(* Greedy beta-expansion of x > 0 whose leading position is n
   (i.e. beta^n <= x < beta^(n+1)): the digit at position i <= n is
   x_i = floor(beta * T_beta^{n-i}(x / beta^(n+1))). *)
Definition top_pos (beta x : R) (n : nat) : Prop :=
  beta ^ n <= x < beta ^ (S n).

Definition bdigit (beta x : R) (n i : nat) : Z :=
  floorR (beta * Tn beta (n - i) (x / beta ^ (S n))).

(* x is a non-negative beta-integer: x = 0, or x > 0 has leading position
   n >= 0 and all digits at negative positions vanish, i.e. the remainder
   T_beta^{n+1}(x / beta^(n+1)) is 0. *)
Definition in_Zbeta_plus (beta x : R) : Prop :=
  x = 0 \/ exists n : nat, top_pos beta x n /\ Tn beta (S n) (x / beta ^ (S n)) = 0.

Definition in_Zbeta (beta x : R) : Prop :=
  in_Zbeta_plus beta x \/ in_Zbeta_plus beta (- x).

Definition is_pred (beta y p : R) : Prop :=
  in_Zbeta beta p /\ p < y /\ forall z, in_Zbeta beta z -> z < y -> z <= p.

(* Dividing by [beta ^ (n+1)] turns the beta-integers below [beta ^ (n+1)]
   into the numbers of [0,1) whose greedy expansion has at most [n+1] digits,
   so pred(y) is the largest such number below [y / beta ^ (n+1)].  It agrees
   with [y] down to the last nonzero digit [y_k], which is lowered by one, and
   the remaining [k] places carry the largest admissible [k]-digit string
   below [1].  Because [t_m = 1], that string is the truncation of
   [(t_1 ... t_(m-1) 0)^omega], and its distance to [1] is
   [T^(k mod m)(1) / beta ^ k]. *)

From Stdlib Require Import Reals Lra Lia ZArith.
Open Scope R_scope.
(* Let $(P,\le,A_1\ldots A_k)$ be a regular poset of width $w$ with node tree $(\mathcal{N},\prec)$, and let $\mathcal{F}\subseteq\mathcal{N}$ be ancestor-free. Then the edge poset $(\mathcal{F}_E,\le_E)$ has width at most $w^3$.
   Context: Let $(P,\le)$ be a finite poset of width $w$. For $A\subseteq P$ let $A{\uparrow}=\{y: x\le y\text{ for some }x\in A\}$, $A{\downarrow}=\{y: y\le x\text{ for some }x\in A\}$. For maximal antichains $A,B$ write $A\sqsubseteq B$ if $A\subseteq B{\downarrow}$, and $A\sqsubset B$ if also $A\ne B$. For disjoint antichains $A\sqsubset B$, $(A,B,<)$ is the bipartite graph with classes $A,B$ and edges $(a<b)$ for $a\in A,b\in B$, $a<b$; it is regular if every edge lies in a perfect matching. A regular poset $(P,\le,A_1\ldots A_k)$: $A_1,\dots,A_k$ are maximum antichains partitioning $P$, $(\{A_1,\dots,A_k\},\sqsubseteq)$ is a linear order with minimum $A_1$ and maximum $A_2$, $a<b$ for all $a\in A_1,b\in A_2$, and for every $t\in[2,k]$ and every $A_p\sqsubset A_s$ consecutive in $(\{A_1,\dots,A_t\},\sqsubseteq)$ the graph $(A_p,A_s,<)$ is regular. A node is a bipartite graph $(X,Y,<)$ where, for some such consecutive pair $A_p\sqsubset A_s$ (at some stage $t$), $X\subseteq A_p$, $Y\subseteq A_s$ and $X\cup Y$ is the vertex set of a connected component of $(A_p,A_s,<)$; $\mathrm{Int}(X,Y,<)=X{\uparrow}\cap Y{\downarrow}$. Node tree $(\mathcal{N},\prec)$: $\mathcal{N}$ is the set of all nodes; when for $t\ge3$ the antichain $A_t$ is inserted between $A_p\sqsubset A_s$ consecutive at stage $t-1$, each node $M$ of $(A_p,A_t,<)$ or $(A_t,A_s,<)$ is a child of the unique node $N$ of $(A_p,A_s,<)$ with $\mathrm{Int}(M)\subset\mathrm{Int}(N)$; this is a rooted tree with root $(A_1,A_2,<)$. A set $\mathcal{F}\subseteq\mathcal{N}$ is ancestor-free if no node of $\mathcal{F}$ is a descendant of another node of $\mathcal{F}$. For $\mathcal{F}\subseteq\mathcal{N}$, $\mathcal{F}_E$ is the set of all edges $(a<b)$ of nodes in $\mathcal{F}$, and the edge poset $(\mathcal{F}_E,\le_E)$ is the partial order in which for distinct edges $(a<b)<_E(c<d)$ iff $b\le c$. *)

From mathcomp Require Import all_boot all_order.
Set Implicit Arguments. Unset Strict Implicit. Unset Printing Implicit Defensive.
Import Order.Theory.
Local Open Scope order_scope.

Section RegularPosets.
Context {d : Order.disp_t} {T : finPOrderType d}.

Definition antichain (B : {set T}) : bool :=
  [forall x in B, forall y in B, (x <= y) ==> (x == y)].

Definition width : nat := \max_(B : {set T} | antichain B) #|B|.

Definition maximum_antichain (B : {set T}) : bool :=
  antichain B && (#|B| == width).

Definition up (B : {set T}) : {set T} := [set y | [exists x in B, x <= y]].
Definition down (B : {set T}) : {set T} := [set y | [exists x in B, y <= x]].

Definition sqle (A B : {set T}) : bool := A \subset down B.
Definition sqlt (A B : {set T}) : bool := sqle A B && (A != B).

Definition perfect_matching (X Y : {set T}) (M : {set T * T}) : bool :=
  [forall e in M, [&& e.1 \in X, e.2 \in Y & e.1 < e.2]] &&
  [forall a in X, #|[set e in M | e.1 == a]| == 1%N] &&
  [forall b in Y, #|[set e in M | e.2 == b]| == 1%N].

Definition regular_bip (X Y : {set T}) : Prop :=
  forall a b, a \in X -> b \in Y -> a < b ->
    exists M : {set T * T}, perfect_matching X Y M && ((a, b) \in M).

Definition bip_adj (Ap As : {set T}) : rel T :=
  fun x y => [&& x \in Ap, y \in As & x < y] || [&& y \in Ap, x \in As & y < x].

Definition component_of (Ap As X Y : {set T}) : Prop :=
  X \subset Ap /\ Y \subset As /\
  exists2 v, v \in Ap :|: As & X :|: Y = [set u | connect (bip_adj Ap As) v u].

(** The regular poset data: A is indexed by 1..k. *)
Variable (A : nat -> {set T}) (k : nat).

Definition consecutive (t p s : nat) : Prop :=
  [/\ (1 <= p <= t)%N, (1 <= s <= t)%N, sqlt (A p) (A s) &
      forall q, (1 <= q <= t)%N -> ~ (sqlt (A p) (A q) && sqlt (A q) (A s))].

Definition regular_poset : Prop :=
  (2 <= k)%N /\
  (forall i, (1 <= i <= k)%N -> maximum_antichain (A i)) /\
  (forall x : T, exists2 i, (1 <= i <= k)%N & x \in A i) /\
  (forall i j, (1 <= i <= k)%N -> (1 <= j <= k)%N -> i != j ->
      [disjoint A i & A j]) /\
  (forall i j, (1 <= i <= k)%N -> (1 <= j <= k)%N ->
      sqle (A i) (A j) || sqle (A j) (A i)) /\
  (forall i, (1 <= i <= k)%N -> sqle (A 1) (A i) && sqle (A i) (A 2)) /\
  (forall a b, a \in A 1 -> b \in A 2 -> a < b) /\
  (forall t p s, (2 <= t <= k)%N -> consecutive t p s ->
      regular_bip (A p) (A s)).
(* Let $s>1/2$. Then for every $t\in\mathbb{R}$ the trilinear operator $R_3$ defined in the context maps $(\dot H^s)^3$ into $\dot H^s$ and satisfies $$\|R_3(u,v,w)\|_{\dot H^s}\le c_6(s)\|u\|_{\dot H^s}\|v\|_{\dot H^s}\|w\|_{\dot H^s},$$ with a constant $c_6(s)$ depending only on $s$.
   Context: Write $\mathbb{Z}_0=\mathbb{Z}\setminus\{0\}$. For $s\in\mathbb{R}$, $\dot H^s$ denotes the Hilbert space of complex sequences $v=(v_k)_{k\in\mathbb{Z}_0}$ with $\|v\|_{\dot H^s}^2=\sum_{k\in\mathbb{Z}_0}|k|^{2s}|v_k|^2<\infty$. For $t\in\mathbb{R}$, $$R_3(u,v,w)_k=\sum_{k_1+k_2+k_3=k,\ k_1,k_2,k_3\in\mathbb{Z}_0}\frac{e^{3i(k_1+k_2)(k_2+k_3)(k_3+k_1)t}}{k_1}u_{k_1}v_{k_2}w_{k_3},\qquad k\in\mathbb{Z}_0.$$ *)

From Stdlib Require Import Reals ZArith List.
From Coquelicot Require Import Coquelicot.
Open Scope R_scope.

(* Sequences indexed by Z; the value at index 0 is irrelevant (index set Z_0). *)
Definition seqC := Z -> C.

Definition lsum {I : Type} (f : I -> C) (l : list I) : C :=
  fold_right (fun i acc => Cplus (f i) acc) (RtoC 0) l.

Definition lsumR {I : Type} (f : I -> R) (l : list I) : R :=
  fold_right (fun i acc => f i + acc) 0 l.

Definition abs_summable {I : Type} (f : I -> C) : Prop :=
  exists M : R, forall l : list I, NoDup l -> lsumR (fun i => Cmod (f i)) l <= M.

---

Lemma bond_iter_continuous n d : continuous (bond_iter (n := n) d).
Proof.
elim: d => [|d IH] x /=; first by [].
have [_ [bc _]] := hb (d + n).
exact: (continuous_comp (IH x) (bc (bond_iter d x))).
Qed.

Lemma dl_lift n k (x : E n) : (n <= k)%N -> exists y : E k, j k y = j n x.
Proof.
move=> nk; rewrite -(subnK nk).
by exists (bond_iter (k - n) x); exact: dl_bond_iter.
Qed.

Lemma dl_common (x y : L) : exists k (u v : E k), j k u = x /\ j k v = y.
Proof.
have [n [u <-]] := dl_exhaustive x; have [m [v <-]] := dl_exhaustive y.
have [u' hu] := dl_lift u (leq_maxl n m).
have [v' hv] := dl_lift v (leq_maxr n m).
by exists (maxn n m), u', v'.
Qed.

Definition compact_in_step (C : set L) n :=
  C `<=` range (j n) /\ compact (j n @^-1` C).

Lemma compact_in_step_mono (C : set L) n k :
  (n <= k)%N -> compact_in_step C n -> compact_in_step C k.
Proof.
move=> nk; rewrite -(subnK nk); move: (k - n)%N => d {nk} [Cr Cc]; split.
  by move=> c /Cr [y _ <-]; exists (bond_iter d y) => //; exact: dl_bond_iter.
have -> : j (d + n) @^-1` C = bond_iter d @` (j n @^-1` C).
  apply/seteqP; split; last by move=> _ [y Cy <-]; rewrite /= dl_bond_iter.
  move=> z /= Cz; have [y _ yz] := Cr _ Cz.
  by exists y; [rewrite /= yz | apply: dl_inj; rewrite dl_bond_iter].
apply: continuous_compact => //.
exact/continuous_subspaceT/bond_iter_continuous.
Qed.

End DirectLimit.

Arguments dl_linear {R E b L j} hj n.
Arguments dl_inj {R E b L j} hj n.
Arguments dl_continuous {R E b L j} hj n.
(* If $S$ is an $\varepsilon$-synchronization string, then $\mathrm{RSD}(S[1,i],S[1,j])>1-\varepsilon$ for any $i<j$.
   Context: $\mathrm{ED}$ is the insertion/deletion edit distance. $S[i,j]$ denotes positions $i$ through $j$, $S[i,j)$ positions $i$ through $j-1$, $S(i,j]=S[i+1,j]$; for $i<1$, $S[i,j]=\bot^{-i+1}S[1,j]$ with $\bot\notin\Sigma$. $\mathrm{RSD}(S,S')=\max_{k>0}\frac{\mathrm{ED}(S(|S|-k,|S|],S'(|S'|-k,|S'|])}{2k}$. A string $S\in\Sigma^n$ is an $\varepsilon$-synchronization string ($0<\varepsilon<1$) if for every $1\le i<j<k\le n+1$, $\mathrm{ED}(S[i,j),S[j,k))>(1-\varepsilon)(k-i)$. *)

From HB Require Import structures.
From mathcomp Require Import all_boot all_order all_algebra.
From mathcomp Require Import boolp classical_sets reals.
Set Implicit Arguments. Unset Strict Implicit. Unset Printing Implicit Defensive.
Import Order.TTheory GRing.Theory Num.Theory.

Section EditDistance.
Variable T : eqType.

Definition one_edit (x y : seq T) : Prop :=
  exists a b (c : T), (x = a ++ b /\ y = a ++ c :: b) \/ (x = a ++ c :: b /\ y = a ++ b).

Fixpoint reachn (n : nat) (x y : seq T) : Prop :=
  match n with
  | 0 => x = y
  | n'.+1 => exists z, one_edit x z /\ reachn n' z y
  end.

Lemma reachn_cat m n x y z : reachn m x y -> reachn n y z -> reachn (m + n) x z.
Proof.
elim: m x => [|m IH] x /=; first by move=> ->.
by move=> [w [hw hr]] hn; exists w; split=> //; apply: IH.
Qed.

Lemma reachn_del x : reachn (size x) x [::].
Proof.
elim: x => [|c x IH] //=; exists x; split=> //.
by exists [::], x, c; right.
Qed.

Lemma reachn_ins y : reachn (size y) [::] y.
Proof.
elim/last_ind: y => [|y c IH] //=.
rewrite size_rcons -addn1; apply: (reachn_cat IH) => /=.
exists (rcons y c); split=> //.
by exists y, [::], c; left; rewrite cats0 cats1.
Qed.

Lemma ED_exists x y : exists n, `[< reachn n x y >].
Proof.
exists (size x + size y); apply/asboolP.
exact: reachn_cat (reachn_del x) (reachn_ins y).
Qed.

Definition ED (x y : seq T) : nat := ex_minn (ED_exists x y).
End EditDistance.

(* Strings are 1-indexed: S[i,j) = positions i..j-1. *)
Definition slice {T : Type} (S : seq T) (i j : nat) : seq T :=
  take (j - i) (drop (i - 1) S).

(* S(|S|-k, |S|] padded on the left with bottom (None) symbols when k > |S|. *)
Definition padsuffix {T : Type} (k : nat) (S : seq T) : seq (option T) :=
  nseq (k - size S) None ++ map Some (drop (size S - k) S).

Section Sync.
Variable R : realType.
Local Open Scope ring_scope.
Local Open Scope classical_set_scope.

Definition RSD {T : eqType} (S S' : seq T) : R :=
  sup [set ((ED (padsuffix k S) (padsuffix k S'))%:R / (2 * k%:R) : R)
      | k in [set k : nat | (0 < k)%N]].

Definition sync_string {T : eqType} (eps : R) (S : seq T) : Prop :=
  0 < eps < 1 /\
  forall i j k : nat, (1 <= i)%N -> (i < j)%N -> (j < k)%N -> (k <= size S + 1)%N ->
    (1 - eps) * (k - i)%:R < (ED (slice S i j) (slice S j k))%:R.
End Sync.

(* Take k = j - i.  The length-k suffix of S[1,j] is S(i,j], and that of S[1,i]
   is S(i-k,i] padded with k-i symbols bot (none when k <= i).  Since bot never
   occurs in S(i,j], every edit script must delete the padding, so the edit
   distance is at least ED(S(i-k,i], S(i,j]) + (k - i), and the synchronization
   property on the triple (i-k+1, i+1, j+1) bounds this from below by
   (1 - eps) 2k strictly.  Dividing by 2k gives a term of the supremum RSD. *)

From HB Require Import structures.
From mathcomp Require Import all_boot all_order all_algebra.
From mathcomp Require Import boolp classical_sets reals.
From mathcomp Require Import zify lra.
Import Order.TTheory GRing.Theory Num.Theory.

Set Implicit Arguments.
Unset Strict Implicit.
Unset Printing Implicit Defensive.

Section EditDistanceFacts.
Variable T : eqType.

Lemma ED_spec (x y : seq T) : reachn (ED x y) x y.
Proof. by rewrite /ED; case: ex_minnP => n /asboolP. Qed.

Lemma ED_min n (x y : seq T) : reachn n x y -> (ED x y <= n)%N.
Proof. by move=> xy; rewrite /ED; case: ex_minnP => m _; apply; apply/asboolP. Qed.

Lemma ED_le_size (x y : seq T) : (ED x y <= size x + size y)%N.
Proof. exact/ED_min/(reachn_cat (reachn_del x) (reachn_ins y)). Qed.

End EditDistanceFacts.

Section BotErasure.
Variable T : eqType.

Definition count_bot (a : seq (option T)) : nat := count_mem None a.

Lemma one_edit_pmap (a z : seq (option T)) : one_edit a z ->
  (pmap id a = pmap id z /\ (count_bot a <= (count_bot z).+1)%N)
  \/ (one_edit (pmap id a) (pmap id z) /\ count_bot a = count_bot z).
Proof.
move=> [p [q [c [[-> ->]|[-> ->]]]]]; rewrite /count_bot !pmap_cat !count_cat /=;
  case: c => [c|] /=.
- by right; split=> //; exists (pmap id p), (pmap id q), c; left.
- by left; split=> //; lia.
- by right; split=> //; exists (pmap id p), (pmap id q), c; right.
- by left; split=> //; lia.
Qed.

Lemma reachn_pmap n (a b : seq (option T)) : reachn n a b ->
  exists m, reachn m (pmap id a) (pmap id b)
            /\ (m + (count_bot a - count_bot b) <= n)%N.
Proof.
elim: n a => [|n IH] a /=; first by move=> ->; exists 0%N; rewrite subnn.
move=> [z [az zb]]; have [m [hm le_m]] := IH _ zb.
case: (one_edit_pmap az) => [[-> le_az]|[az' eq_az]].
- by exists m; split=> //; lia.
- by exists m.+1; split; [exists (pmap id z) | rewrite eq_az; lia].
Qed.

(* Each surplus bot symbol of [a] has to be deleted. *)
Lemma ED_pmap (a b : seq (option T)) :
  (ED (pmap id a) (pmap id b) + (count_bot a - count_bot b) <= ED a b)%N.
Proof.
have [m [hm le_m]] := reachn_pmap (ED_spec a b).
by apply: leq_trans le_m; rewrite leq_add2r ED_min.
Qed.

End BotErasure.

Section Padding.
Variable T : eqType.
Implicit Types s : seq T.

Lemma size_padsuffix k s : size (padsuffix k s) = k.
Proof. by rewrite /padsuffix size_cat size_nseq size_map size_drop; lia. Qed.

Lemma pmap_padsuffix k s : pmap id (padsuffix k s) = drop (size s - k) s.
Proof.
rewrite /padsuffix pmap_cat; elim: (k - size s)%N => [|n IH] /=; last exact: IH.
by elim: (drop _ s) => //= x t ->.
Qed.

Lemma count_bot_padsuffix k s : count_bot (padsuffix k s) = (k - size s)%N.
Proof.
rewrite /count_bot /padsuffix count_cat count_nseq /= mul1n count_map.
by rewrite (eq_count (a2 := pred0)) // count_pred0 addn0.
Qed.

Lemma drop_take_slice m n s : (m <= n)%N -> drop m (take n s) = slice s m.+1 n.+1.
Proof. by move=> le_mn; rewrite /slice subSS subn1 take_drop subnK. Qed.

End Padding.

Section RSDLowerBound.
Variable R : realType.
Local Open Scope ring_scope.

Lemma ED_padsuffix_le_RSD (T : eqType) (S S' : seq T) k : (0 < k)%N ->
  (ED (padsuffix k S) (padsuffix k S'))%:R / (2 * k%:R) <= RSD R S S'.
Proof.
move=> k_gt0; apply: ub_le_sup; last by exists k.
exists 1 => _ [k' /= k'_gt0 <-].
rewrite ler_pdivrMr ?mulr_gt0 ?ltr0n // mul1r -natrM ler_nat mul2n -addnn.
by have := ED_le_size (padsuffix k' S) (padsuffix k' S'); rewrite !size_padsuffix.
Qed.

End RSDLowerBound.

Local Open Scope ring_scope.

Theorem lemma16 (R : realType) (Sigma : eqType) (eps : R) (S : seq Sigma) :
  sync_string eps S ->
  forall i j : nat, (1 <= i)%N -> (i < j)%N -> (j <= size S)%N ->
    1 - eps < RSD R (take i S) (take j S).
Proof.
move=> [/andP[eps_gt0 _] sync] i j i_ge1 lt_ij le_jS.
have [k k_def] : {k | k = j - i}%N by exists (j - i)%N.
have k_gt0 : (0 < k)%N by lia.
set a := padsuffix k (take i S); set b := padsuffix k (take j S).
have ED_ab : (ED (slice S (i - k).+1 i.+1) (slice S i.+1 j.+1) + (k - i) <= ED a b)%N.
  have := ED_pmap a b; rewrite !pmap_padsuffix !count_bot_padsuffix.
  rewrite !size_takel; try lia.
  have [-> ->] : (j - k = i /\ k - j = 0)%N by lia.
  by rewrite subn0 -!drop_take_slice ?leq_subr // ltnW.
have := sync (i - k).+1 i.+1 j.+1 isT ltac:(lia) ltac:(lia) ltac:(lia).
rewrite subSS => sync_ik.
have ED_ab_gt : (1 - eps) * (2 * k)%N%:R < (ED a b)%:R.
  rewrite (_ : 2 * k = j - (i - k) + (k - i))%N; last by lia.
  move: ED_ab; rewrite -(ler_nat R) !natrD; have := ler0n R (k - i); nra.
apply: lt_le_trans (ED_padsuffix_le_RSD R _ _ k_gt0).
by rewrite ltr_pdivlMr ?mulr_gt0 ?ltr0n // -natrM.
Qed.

EXERCISE. Print again the lines of the entries above that fall between the line holding "(* Greedy beta-expansion" and the line holding "floorR (beta *", inclusive, exactly as they stand.

ANSWER AREA.
(* Greedy beta-expansion of x > 0 whose leading position is n
   (i.e. beta^n <= x < beta^(n+1)): the digit at position i <= n is
   x_i = floor(beta * T_beta^{n-i}(x / beta^(n+1))). *)
Definition top_pos (beta x : R) (n : nat) : Prop :=
  beta ^ n <= x < beta ^ (S n).

Definition bdigit (beta x : R) (n i : nat) : Z :=
  floorR (beta * Tn beta (n - i) (x / beta ^ (S n))).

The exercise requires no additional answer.